Ultimately these samples don’t even measure what I really want, it just approximates it. There is only one true direction, but there is no way of knowing which, even in principle, except that it is likely to be near the mode of that distribution I get from sampling h
(assuming my various assumptions hold). It’s not obvious to me how to incorporate this knowledge, so I might just neglect it. (Maybe I should seek an estimate that maximizes the probability mass within some fixed bound?)
I’m currently just computing the geometric median of those samples on-manifold, which seems
very reasonable. I’m currently providing something like a confidence bound by projecting those points to the tangent space around the geometric median (taking care to preserve geodesic distance from that tangent point) and fitting a Gaussian to those transformed points. I don’t think my real data will be a Gaussian, but I’m not sure if the downstream systems can handle more than a Gaussian “confidence interval”. Maybe one of the Fisher Bingham distributions would be better, but I haven’t had time to look at that in depth.
That was the high-rate stuff, now for my concrete questions:
-
I probably can’t think to ask every question I need answered, so please tell me what I need to know.
Actually, where is a better place to ask for help?
-
Is it possible that PyMC can be made to run fast enough for my purposes? I’m assuming I’d have to use ADVI, as I need to adhere to latency guarantees.
-
I understand that the Laplace approximation (and variational inference in general) underestimates variance, so I’d like to understand how I can improve my estimate of the variance of c
.
-
In my research I came across BBVI black box variational inference, especially a 2023 paper by Giordano, Ingram, and Broderick.
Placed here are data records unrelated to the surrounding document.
(* Let $X$ be a Banach space with $\kappa_0(X)<\infty$. Then there exists $\epsilon>0$ such that every Banach space $Y$ with $d_K(X,Y)<\epsilon$ satisfies $\kappa_0(Y)<\infty$. (That is, the property $\kappa_0(X)<\infty$ is open for the Kadets distance.)
   Context: The Kadets distance $d_K(X,Y)$ is the infimum, over all Banach spaces $Z$ and linear isometric embeddings $U:X\to Z$, $V:Y\to Z$, of the Hausdorff distance in $Z$ between $UB_X$ and $VB_Y$ ($B_X$ the closed unit ball). For a Banach space $X$, $\kappa_0(X)$ is the least constant $\kappa_0$ (or $\infty$ if none exists) such that whenever $f:X\to\mathbb R$ is homogeneous, bounded on $B_X$, and satisfies $|f(x_1+x_2)-f(x_1)-f(x_2)|\le\|x_1\|_X+\|x_2\|_X$ for all $x_1,x_2\in X$, there is a continuous linear functional $x^*$ on $X$ with $|f(x)-x^*(x)|\le\kappa_0\|x\|_X$ for all $x\in X$. *)

From HB Require Import structures.
From mathcomp Require Import all_boot all_order all_algebra.
From mathcomp Require Import all_classical all_reals all_analysis.
From mathcomp Require Import Rstruct Rstruct_topology.
Set Implicit Arguments. Unset Strict Implicit. Unset Printing Implicit Defensive.
Import Order.TTheory GRing.Theory Num.Theory.
Import numFieldNormedType.Exports.
Local Open Scope classical_set_scope.
Local Open Scope ring_scope.

Notation Rr := Rdefinitions.R.

Definition unit_ball (X : normedModType Rr) : set X := [set x | `|x| <= 1].

Definition lin_isometry (X Z : normedModType Rr) (U : X -> Z) : Prop :=
  (forall (a : Rr) (x y : X), U (a *: x + y) = a *: U x + U y) /\
  (forall x : X, `|U x| = `|x|).

Definition dist_set (Z : normedModType Rr) (z : Z) (A : set Z) : \bar Rr :=
  ereal_inf [set (`|z - a|)%:E | a in A].

Definition hausdorff (Z : normedModType Rr) (A B : set Z) : \bar Rr :=
  maxe (ereal_sup [set dist_set a B | a in A])
       (ereal_sup [set dist_set b A | b in B]).
Lemma block_map_additive (N : nat -> nat) (L : nat -> list Z) : additive (block_map N L).
Proof.
  intros x y. apply functional_extensionality. intros j. apply block_dot_sadd.
Qed.

Lemma disjoint_blocks_lt (N : nat -> nat) (L : nat -> list Z) :
  disjoint_blocks N L -> forall j k, (j < k)%nat -> (N j + length (L j) <= N k)%nat.
Proof.
  intros Hdisj j k Hjk. induction Hjk as [|k Hjk IH]; [apply Hdisj|].
  specialize (Hdisj k). lia.
Qed.

Lemma block_map_unit_seq (N : nat -> nat) (L : nat -> list Z) (j p k : nat) :
  disjoint_blocks N L -> (p < length (L j))%nat ->
  block_map N L (unit_seq (N j + p)) k = if Nat.eqb j k then nth p (L j) 0 else 0.
Proof.
  intros Hdisj Hp. unfold block_map.
  destruct (Nat.eqb_spec j k) as [<- | Hjk].
  - apply block_dot_unit_seq_inside, Hp.
  - apply block_dot_unit_seq_outside.
    destruct (proj1 (Nat.lt_gt_cases j k) Hjk) as [Hlt | Hlt];
      pose proof (disjoint_blocks_lt N L Hdisj _ _ Hlt); lia.
Qed.

Lemma block_map_infinite_rank (N : nat -> nat) (L : nat -> list Z) :
  (forall j, nonzero_list (L j)) -> disjoint_blocks N L ->
  infinite_rank (image_finsupp (block_map N L)).
Proof.
  intros Hnz Hdisj n.
  destruct (functional_choice _ Hnz) as [p Hp].
  set (y := fun j => block_map N L (unit_seq (N j + p j))).
  exists (map y (seq 0 n)). split; [|split].
  - now rewrite length_map, length_seq.
  - apply Forall_forall. intros z Hz. apply in_map_iff in Hz as [j [<- _]].
    exists (unit_seq (N j + p j)). split; [apply finsupp_unit_seq | reflexivity].
  - apply (lin_indep_diagonal y (fun j => nth (p j) (L j) 0)).
    + intros j k. apply block_map_unit_seq, Hp. exact Hdisj.
    + intros j. apply Hp.
Qed.

Lemma infinite_set_chain (A : set_nat) (c : nat) (h : nat -> nat) :
  infinite_set A ->
  exists m : nat -> nat, forall j, A (m j) /\ (c + j <= m j)%nat /\ (h (m j) <= m (S j))%nat.
Proof.
  intros HA. destruct (functional_choice _ HA) as [pick Hpick].
  assert (Hpick_ge : forall n k, (k <= n)%nat -> (k <= pick n)%nat).
  { intros n k Hkn. pose proof (proj1 (Hpick n)). lia. }
  exists (fix m j := match j with
                     | O => pick c
                     | S j' => pick (Nat.max (c + j) (h (m j')))
                     end).
  intros [|j]; cbn -[Nat.max]; repeat split; try apply Hpick; apply Hpick_ge; lia.
Qed.

(* The bound [|g 0| <= N] is what pushes the blocks to the right:
   the sequences (M, 0, 0, ...) lie in G. *)
Definition annihilating_code (g : seqZ) (m : nat) : Prop :=
  nonzero_list (snd (decode_block m)) /\
  (Z.to_nat (Z.abs (g 0%nat)) <= fst (decode_block m))%nat /\
  block_dot (fst (decode_block m)) (snd (decode_block m)) g = 0.

Lemma annihilating_code_sfip (I : Type) (f : I -> seqZ) :
  sfip (fun i => annihilating_code (f i)).
Proof.
  intros l n.
  set (bounds := map (fun i => Z.to_nat (Z.abs (f i 0%nat))) l).
  set (N0 := (n + list_max bounds)%nat).
  destruct (exists_block_annihilator (map f l) N0) as [v [Hv Hkill]].
  exists (encode_block N0 v). split; [pose proof (encode_block_ge N0 v); lia|].
  pose proof (proj1 (list_max_le bounds _) (le_n _)) as Hbounds.
  rewrite Forall_forall in *. intros i Hi.
  unfold annihilating_code. rewrite decode_encode_block. cbn.
  split; [exact Hv|split].
  - enough (Z.to_nat (Z.abs (f i 0%nat)) <= list_max bounds)%nat by lia.
    apply Hbounds, in_map_iff. now exists i.
  - apply Hkill, in_map, Hi.
Qed.

Lemma proj1_sig_injection (G : seqZ -> Prop) :
  exists f : {g | G g} -> seqZ,
    (forall i, G (f i)) /\ (forall i j, (forall n, f i n = f j n) -> i = j).
Proof.
  exists (@proj1_sig _ _). split; [intros [g Hg]; exact Hg|].
  intros [g Hg] [h Hh] Hgh. cbn in Hgh.
  apply functional_extensionality in Hgh. subst h.
  f_equal. apply proof_irrelevance.
Qed.

Lemma exists_annihilating_blocks (G : seqZ -> Prop) :
  (forall x, finsupp x -> G x) -> card_lt_p G ->
  exists (N : nat -> nat) (L : nat -> list Z),
    (forall j, nonzero_list (L j)) /\ disjoint_blocks N L /\
    (forall g, G g -> finsupp (block_map N L g)).
Proof.
  intros Hfin Hp.
  destruct (Hp _ _ (proj1_sig_injection G) (annihilating_code_sfip _ (@proj1_sig _ G)))
    as [A [HAinf HA]].
  destruct (functional_choice _ HA) as [thr Hthr].
  set (spike := fun M : nat => sscale (Z.of_nat M) (unit_seq 0)).
  assert (Hspike : forall M, G (spike M)).
  { intros M. apply Hfin. destruct (finsupp_unit_seq 0) as [K HK].
    exists K. intros k Hk. unfold spike, sscale. rewrite HK by exact Hk. ring. }
  assert (Hspike0 : forall M, Z.to_nat (Z.abs (spike M 0%nat)) = M).
  { intros M. unfold spike, sscale, unit_seq. cbn. rewrite Z.mul_1_r, Z.abs_eq; lia. }
  set (block_end := fun m => (fst (decode_block m) + length (snd (decode_block m)))%nat).
  destruct (infinite_set_chain A (thr (exist G (spike 0%nat) (Hspike 0%nat)))
              (fun m => thr (exist G (spike (block_end m)) (Hspike _))) HAinf) as [m Hm].
  assert (Hcode : forall i j, (thr i <= m j)%nat -> annihilating_code (proj1_sig i) (m j)).
  { intros i j Hij. apply Hthr; [exact Hij | apply Hm]. }
  exists (fun j => fst (decode_block (m j))), (fun j => snd (decode_block (m j))).
  split; [|split].
  - intros j. apply (Hcode (exist G (spike 0%nat) (Hspike 0%nat))).
    pose proof (Hm j). lia.
  - intros j. destruct (Hcode _ (S j) (proj2 (proj2 (Hm j)))) as [_ [Hbound _]].
    cbn in Hbound. rewrite Hspike0 in Hbound. exact Hbound.
  - intros g Hg. exists (thr (exist G g Hg)). intros j Hj.
    apply (Hcode (exist G g Hg)). pose proof (Hm j). lia.
Qed.

Theorem theorem9 (G : seqZ -> Prop) :
  subgroup G ->
  (forall x, finsupp x -> G x) ->
  card_lt_p G ->
  ~ weakly_binding G /\
  exists phi : seqZ -> seqZ, additive phi /\
    (forall x, G x -> finsupp (phi x)) /\
    infinite_rank (image_finsupp phi).
Proof.
  intros _ Hfin Hp.
  destruct (exists_annihilating_blocks G Hfin Hp) as [N [L [Hnz [Hdisj HG]]]].
  assert (Hphi : exists phi : seqZ -> seqZ, additive phi /\
            (forall x, G x -> finsupp (phi x)) /\ infinite_rank (image_finsupp phi)).
  { exists (block_map N L). split; [|split].
    - apply block_map_additive.
    - exact HG.
    - apply block_map_infinite_rank; assumption. }
  split; [|exact Hphi].
  intros Hbinding. destruct Hphi as [phi [Hadd [HGphi Hrank]]].
  exact (Hbinding phi Hadd HGphi Hrank).
Qed.
(* The substitution [s = exp (mu + sigma sqrt 2 w)] turns the log-normal
   density into the standard Gaussian [exp (- w^2) / sqrt PI]. *)
Lemma RInt_lognormal_le1_away (e t : R) : 0 < e <= t -> RInt (lognormal mu sigma) e t <= 1.
Proof.
  move=> Het.
  have Hsqrt2 : 0 < sqrt 2 by apply: sqrt_lt_R0; lra.
  have HsqrtPI : 0 < sqrt PI by apply: sqrt_lt_R0; have := PI_RGT_0; lra.
  set k := sigma * sqrt 2.
  have Hk : 0 < k by rewrite /k; nra.
  set s := fun w => exp (mu + k * w).
  have Hs : forall x, 0 < x -> s ((ln x - mu) / k) = x.
  { move=> x Hx; rewrite /s -{2}(exp_ln x) //; congr exp; field; lra. }
  rewrite -(Hs e); last lra. rewrite -(Hs t); last lra.
  rewrite -(RInt_comp _ s (fun w => k * s w)); first last.
  - move=> x _; split; first by rewrite /s; auto_derive; auto; ring.
    apply: ex_derive_continuous; rewrite /s; auto_derive; auto.
  - move=> x _; exact: lognormal_continuous.
  rewrite (RInt_ext _ (fun w => / sqrt PI * gauss w)); last first.
  { move=> w _; have Hsw : 0 < s w by exact: exp_pos.
    rewrite /scal /= /mult /= lognormal_pos_eq // /s ln_exp.
    have -> : - ((mu + k * w - mu) ^ 2) / (2 * sigma ^ 2) = - (w * w).
    { rewrite /k; field_simplify; last lra.
      rewrite /= !Rmult_1_r sqrt_sqrt; [field|]; lra. }
    rewrite sqrt_mult /gauss /k; [|lra|have := PI_RGT_0; lra].
    have := exp_pos (mu + sigma * sqrt 2 * w) => ?; field; repeat split; lra. }
  rewrite (RInt_scal gauss _ _ (/ sqrt PI) (ex_RInt_gauss _ _)) /scal /= /mult /=.
  rewrite -(Rinv_l (sqrt PI)); last lra.
  apply: Rmult_le_compat_l; [exact/Rlt_le/Rinv_0_lt_compat|exact: RInt_gauss_le].
Qed.

(* The mass near the singular point [0] is [O(e^2)] by [lognormal_le_linear]. *)
Lemma RInt_lognormal_le1 (t : R) : 0 <= t -> RInt (lognormal mu sigma) 0 t <= 1.
Proof.
  move=> Ht; case: (Req_dec t 0) => [->|Ht0]; first by rewrite RInt_point /zero /=; lra.
  case: (Rle_or_lt (RInt (lognormal mu sigma) 0 t) 1) => // Hgt; exfalso.
  set d := RInt (lognormal mu sigma) 0 t - 1.
  set K := lognormal_slope; have := lognormal_slope_pos; rewrite -/K => HK.
  set e := Rmin t (Rmin 1 (d / (2 * K))).
  have He : 0 < e /\ e <= t /\ e <= 1 /\ e <= d / (2 * K).
  { have ? : 0 < d / (2 * K) by apply: Rdiv_lt_0_compat; rewrite /d; lra.
    have := Rmin_l t (Rmin 1 (d / (2 * K))); have := Rmin_r t (Rmin 1 (d / (2 * K))).
    have := Rmin_l 1 (d / (2 * K)); have := Rmin_r 1 (d / (2 * K)).
    have : 0 < e by repeat apply: Rmin_glb_lt; lra.
    rewrite /e; lra. }
  have Hnear : Rabs (RInt (lognormal mu sigma) 0 e) <= (e - 0) * (K * e).
  { apply: abs_RInt_le_const; [lra|exact: ex_RInt_lognormal|] => s Hs.
    rewrite Rabs_pos_eq; last exact: lognormal_ge0.
    apply: Rle_trans (lognormal_le_linear s) _; rewrite -/K Rabs_pos_eq; nra. }
  have Hsmall : K * e * e <= d / 2.
  { have -> : d / 2 = K * (d / (2 * K)) by field; lra.
    case: He => [? [? [? ?]]]; have : e * e <= e by nra. nra. }
  have := RInt_Chasles (lognormal mu sigma) 0 e t (ex_RInt_lognormal _ _) (ex_RInt_lognormal _ _).
  have := RInt_lognormal_le1_away e t ltac:(lra). have := Rle_abs (RInt (lognormal mu sigma) 0 e).
  rewrite /plus /= /d in Hsmall *; lra.
Qed.

End Lognormal.

(** * Convolution with a sub-probability kernel *)

Section Kernel.

Variable g : R -> R.
Hypothesis g_cont : forall t, continuous g t.
Hypothesis g_ge0 : forall t, 0 <= g t.

Definition conv (v : R -> R) (t : R) : R := RInt (fun s => g (t - s) * v s) 0 t.

Lemma reflect_continuous (t s : R) : continuous (fun s => g (t - s)) s.
Proof.
  apply: (continuous_comp (fun s => t - s) g); last exact: g_cont.
  apply: ex_derive_continuous; auto_derive; auto.
Qed.

Lemma ex_RInt_reflect (t a b : R) : ex_RInt (fun s => g (t - s)) a b.
Proof. apply: ex_RInt_continuous => s _; exact: reflect_continuous. Qed.

Lemma ex_RInt_conv_integrand (v : R -> R) (t a b : R) : (forall s, continuous v s) ->
  ex_RInt (fun s => g (t - s) * v s) a b.
Proof.
  move=> Hv; apply: ex_RInt_continuous => s _.
  apply: (continuous_mult (fun s => g (t - s)) v); [exact: reflect_continuous|exact: Hv].
Qed.

Lemma RInt_reflect (t : R) : RInt (fun s => g (t - s)) 0 t = RInt g 0 t.
Proof.
  have := RInt_comp_lin g (-1) t t 0.
  have -> : -1 * t + t = 0 by ring.
  have -> : -1 * 0 + t = t by ring.
  move=> <-; last by apply: ex_RInt_continuous => s _; exact: g_cont.
  rewrite (RInt_ext (fun y => scal (-1) (g (-1 * y + t))) (fun s => scal (-1) (g (t - s))));
    last by move=> s _; congr (scal _ (g _)); ring.
  rewrite (RInt_scal (fun s => g (t - s)) t 0 (-1) (ex_RInt_reflect _ _ _)).
  rewrite -(opp_RInt_swap (fun s => g (t - s)) t 0 (ex_RInt_reflect _ _ _)).
  rewrite /scal /opp /= /mult /=; ring.
Qed.

Hypothesis g_mass_le1 : forall t, 0 <= t -> RInt g 0 t <= 1.

Lemma RInt_reflect_bounds (t : R) : 0 <= t -> 0 <= RInt (fun s => g (t - s)) 0 t <= 1.
Proof.
  move=> Ht; rewrite RInt_reflect; split; last exact: g_mass_le1.
  apply: RInt_ge_0 => //; apply: ex_RInt_continuous => s _; exact: g_cont.
Qed.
Am I correct in thinking I could use this to fit a Fisher Bingham, Kent, etc distribution to all my samples of h
? Or easily try out different distributions for c
? It seems like this might actually be tractable inside my compute budget; am I missing something?
-
Solely for my curiosity, why does that paper have only 9 citations? And it’s not like the authors are nobodies: Broderick is a tenured professor at MIT. Even Ranganath, Gerrish, and Blei’s 11-year-old paper on BBVI only has 106 citations, which is wild to me. Obviously, I’m an outsider to statistics, but these techniques seem extremely practical… what gives?
-
How should I handle gross outliers in d
and e
without harming my estimate of c
? Currently I’m using the pseudo-Huber loss, but that means that gross outliers still change the position of the MAP. I’m thinking that I should use that to get close to the MAP, then mark some of the observations as outliers, then continue optimizing only on the inliers. (Essentially, truncated least squares.) I’ve seen the mean-field approach, but it seems a little abstract and less efficient.
-
Is there anything I can say in a principled way about what form c
or h
will take, say by looking at f
and g
, without just getting some real data and looking at it?
-
Is the approach of Levenberg Marquardt followed by Laplace approximation sensible? Is there a better way of doing that, assuming c
is sufficiently well approximated by a Gaussian?
-
To rephrase question 3, if I wanted to accommodate a c
that was, say, a multivariate skew Gaussian, or a leptokurtic, heteroskedastic banana, what do I do? Other than scream in fright.
Again, thank you. Really. I wouldn’t be making these long posts if it didn’t actually matter that I get this right, and to a lot more people than just me. I’m going to look around for better venues to ask for guidance. I really wish I had been taught this stuff in university! I took I don’t know how many classes on numeric methods and still I’m a babe in the woods.